たらたら神秘主義

本と映画と音楽と日常、できれば神秘

先日、叔母の葬式で、久しぶりに宗ちゃんに会った。宗ちゃんはおそらく60代、スキンヘッドのおじさんで、親戚のみんなが「宗ちゃん」と呼ぶからここでもそう呼ぶけれど、実際ぼくがどう呼びかければいいのかは分からないでいる。


宗ちゃんは変人である。最初にその面白さに気づいたのは、大学生のときだ。ぼくの父の葬式にやってきて、もう一人の変人のおじさんといっしょに、ずけずけと坊さんや親戚の人たちをからかっていた。おごそかな儀式もすべての権威もどうでもいいものと考えているような彼らの言動に、とても自由なものを感じてうらやましく思った。


宗ちゃんは、今は引退したけど自動車整備工を仕事にしていた。そして南方熊楠を尊敬する博識の読書家でもある。先日の叔母の葬式では、今は古文書を読むことに夢中だという話をしていた。


宗ちゃんが読んでいる古文書とは、あるお寺の坊さんが代々つけている日記らしくて、そこには筑波山の北にある雨引という地域に起こった出来事が何百年にもわたって書かれているという。たとえば、あるときに生まれた人物が、しばらく読んでいると事件を起こしたり、この人物はあいつの子供かあと途中で気づいたり…。話を聞いているとたしかに面白そうで、その世界の広がり方は、当たり前だけど小説なんかよりもずっと複雑かつリアルであるだろうと思う。

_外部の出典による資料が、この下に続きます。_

Theorem proposition2 (R : realType) (n p q : nat)
  (f : 'cV[R]_n -> 'cV[R]_p -> 'cV[R]_q -> 'cV[R]_n)
  (N : 'cV[R]_n -> 'cV[R]_p) (T : 'M[R]_n)
  (hf : C1 f) (hN : is_nn N) (hT : T \in unitmx)
  (zlo zhi : 'cV[R]_n) (wlo whi : 'cV[R]_q)
  (C : 'M[R]_(p, n)) (dlo dhi : 'cV[R]_p)
  (hC : local_affine_bound N zlo zhi C dlo dhi)
  (Jx : imx R n n) (Ju : imx R n p) (Jw : imx R n q)
  (hJ : forall x u w, in_box x zlo zhi ->
     in_box u (posm C *m zlo + negm C *m zhi + dlo)
              (negm C *m zlo + posm C *m zhi + dhi) ->
     in_box w wlo whi ->
     [/\ in_imx (Dx f x u w) Jx, in_imx (Du f x u w) Ju & in_imx (Dw f x u w) Jw])
  (xo : 'cV[R]_n) (wo : 'cV[R]_q)
  (hxo : in_box xo zlo zhi) (hwo : in_box wo wlo whi) :
  let uo := N xo in
  let Rv := Rbox f Jx Ju Jw xo uo wo wlo whi in
  let N' := fun y : 'cV[R]_n => N (invmx T *m y) in
  let gc := fun (y : 'cV[R]_n) (w : 'cV[R]_q) => T *m f (invmx T *m y) (N' y) w in
  forall ylo yhi : 'cV[R]_n,
    (forall y, in_box y ylo yhi -> exists2 x, in_box x zlo zhi & y = T *m x) ->
  forall (C' : 'M[R]_(p, n)) (dlo' dhi' : 'cV[R]_p),
    local_affine_bound N' ylo yhi C' dlo' dhi' ->
  forall y w, in_box y ylo yhi -> in_box w wlo whi ->
    in_imx (gc y w) (Gc T Jx Ju Rv C' dlo' dhi' ylo yhi).
Proof.
move=> uo Rv N' gc ylo yhi hy C' dlo' dhi' hC' y w hyb hw.
pose x := invmx T *m y; pose u := N x.
have hx : in_box x zlo zhi by rewrite /x; have [x0 hx0 ->] := hy y hyb; rewrite mulKmx.
have hu := local_affine_bound_range hC hx.
have huo := local_affine_bound_range hC hxo.
have [Jx' [Ju' [Jw' [hJx' hJu' hJw' ef]]]] := C1_mean_value_in_imx hf
  (fun t ht => let: And3 h _ _ := hJ _ _ _ (in_box_convex hxo hx ht) huo hwo in h)
  (fun t ht => let: And3 _ h _ := hJ _ _ _ hx (in_box_convex huo hu ht) hwo in h)
  (fun t ht => let: And3 _ _ h := hJ _ _ _ hx hu (in_box_convex hwo hw ht) in h).
have hd : in_imx (u - C' *m y) (dlo', dhi').
  have [hlo hhi] := hC' y hyb.
  by split => i j; [move: (hlo i j) | move: (hhi i j)]; rewrite !mxE; lra.
have -> : gc y w = T *m ((Jx' + Ju' *m (C' *m T)) *m x) + T *m (Ju' *m (u - C' *m y))
    + T *m (- (Jx' *m xo) - Ju' *m uo + Jw' *m (w - wo) + f xo uo wo).
  rewrite /gc -/x /N' -/x -/u ef -!mulmxDr; congr (T *m _).
  rewrite mulmxDl -!mulmxA (mulmxA T) mulmxV // mul1mx !mulmxBr.
  by apply/matrixP => i j; rewrite !mxE; ring.
exact: in_Gc hJx' hJu' (in_Rbox f hJx' hJu' hJw' hw) hd hyb.
Qed.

古文書を読むには、文字と言葉についてのかなりの勉強が必要だ。「おれは、『夜だから寝る』というような段階は超越しているから、好きな時に寝て一晩中だって起きて勉強してるんだ」と言っていた。古文書は学芸員の人や大学の先生なんかと一緒に読み進めているらしいのだが、一生懸命勉強していって「大学の先生なのにこんなのも分からないのか?」とからかっているのだという。


話を聞いていた人が、「何のためにそんなものを読んでいるのだ」と聞くと宗ちゃんは、「世間の人はすぐに『何のためか』と聞くが、おおきなお世話だ」と答えていた。


生を輝かせるのは、「何のためか」を超越するような行為であると思う。